Have you ever made an “immoral promise,” i.e. have you ever promised to do something wrongful, like tell a lie or steal? (By the way, how does one decide when something is wrongful?) Is such a promise even logically possible; specifically, is an immoral promise a paradox or a contradiction? Here is an excerpt from our work in progress “Immoral Promises“:

… when the promisor makes an immoral promise, is the promisor under a moral obligation to keep his word? From a logical perspective, there are four possibilities: I. No: no promises are morally binding. II. No: only moral promises are morally binding. III. Yes: all promises, even illegal ones, are morally binding. IV. Yes: only illegal/immoral promises are morally binding.

We can safely ignore option IV, since it is not only paradoxical but also nonsensical. This leaves us options I, II, and III for consideration. Of these remaining logical possibilities, option II appears to be the one that is most likely to be true, but is it? For this option to be true we must have some reliable method of distinguishing between ‘good’ and ‘bad’ promises, moral and immoral ones.

This entry was posted in Ethics, Paradoxes, Philosophy, Questions Rarely Asked. Bookmark the permalink.

2 Responses to Is an immoral promise a paradox or a contradiction?

  1. Promises made by one member of a criminal enterprise to another member of said enterprise are taken very seriously and may be regarded by the participants as “moral” — recognizing that the “local” moral code differs from the global one. So I think one has to tread carefully here as to the defintiion of moral and immoral for the purposes of your paper. Also, one might consider that there is a third possibility beyond “paradox” and “contradiction” — simply “contractual”.

    It seems that the only paradox involved here is, “can you trust a liar to keep his word.” If you phrase this instead as, “can you trust an untrustworthy person to fulfill his side of the contract” then the answer is: maybe not — so the “solution” (so to speak) is to elevate the sanctions that apply if the contract is not fulfilled.

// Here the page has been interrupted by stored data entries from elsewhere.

(* Let $N\ge 2$ and $R\ge 3$, and let $S=\lfloor R/3\rfloor$. For every randomized online algorithm for routing in the Clos network $C_{N,R}$, there is a sequence of flows, each with demand $1$ (and satisfying the demand assumption below), for which the expected congestion of the routing returned by the algorithm is at least $2-\tfrac{1}{2^S}$.
   Context: Clos network $C_{N,R}$: a directed graph with $N$ middle switches $M_1,\dots,M_N$, $R$ input switches $I_1,\dots,I_R$, $R$ output switches $O_1,\dots,O_R$, source servers $s_i^k$ and destination servers $t_i^k$ ($i\in[R]$, $k\in[N]$), and edges $s_i^kI_i$, $I_iM_m$, $M_mO_i$, $O_it_i^k$ for all $i\in[R]$, $m,k\in[N]$; all links have capacity $1$. A flow $f$ has a source server $s(f)$ of input switch $I_{i(f)}$, a destination server $t(f)$ of output switch $O_{j(f)}$, and a positive demand $\mathrm{dem}(f)$; a set of flows must have total demand at most $1$ leaving each source server and entering each destination server. A routing $r$ assigns each flow a single middle switch $r(f)\in[N]$; its congestion is $\max_{i\in[R],m\in[N]}\max\{\sum_{f:i(f)=i,r(f)=m}\mathrm{dem}(f),\ \sum_{f:j(f)=i,r(f)=m}\mathrm{dem}(f)\}$. A deterministic online algorithm defines a routing for every sequence of flows such that for every prefix $P$ of a sequence $F$, the routing of $P$ when given $P$ equals the routing of $P$ when given $F$. A randomized online algorithm is a probability distribution over deterministic online algorithms. *)

From HB Require Import structures.
From mathcomp Require Import all_boot all_order all_algebra.
From mathcomp Require Import all_classical all_reals all_analysis.
Set Implicit Arguments. Unset Strict Implicit. Unset Printing Implicit Defensive.
Import Order.TTheory GRing.Theory Num.Theory.
Local Open Scope ring_scope.

(* A flow in the Clos network C_{N,R}: source server s_{i}^{k} (input switch
   I_i, server index k), destination server t_{j}^{l} (output switch O_j,
   server index l), and a demand (a real number in K). *)
Record flow (N R : nat) (K : Type) := Flow {
  fi : 'I_R;
  fk : 'I_N;
  fj : 'I_R;
  fl : 'I_N;
  dem : K
}.

Definition valid_flows (K : realType) (N R : nat) (F : seq (flow N R K)) : Prop :=
  all (fun f => 0 < dem f) F /\
  (forall (i : 'I_R) (k : 'I_N),
      \sum_(f <- F | (fi f == i) && (fk f == k)) dem f <= 1) /\
  (forall (j : 'I_R) (l : 'I_N),
      \sum_(f <- F | (fj f == j) && (fl f == l)) dem f <= 1).

(* A routing of a sequence F of flows is a sequence r of middle switches with
   size r = size F: the p-th flow of F is routed through middle switch r_p. *)
Definition load_in (K : realType) (N R : nat) (F : seq (flow N R K))
    (r : seq 'I_N) (i : 'I_R) (m : 'I_N) : K :=
  \sum_(fr <- zip F r | (fi fr.1 == i) && (fr.2 == m)) dem fr.1.

Definition load_out (K : realType) (N R : nat) (F : seq (flow N R K))
    (r : seq 'I_N) (i : 'I_R) (m : 'I_N) : K :=
  \sum_(fr <- zip F r | (fj fr.1 == i) && (fr.2 == m)) dem fr.1.

(* congestion = max over i in [R], m in [N] of the in/out loads
   (loads are nonnegative for valid flows, so 0 is a neutral element). *)
Definition congestion (K : realType) (N R : nat) (F : seq (flow N R K))
    (r : seq 'I_N) : K :=
  \big[Num.max/0]_(i < R) \big[Num.max/0]_(m < N)
     Num.max (load_in F r i m) (load_out F r i m).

    An interesting point for your treatment might be, when does a “promise” become an “obligation”… i.e. what level of sanction (to apply if the “promise” is broken) turns a promise into something else? Is a promise *only* an honor-related concept? Or is there always a hidden “or else” involved?

    • These are excellent observations. I especially agree with your point about “local moral codes,” and (like Atiyah), I find the “high moral tone” of many theorists in this domain to be unhelpful.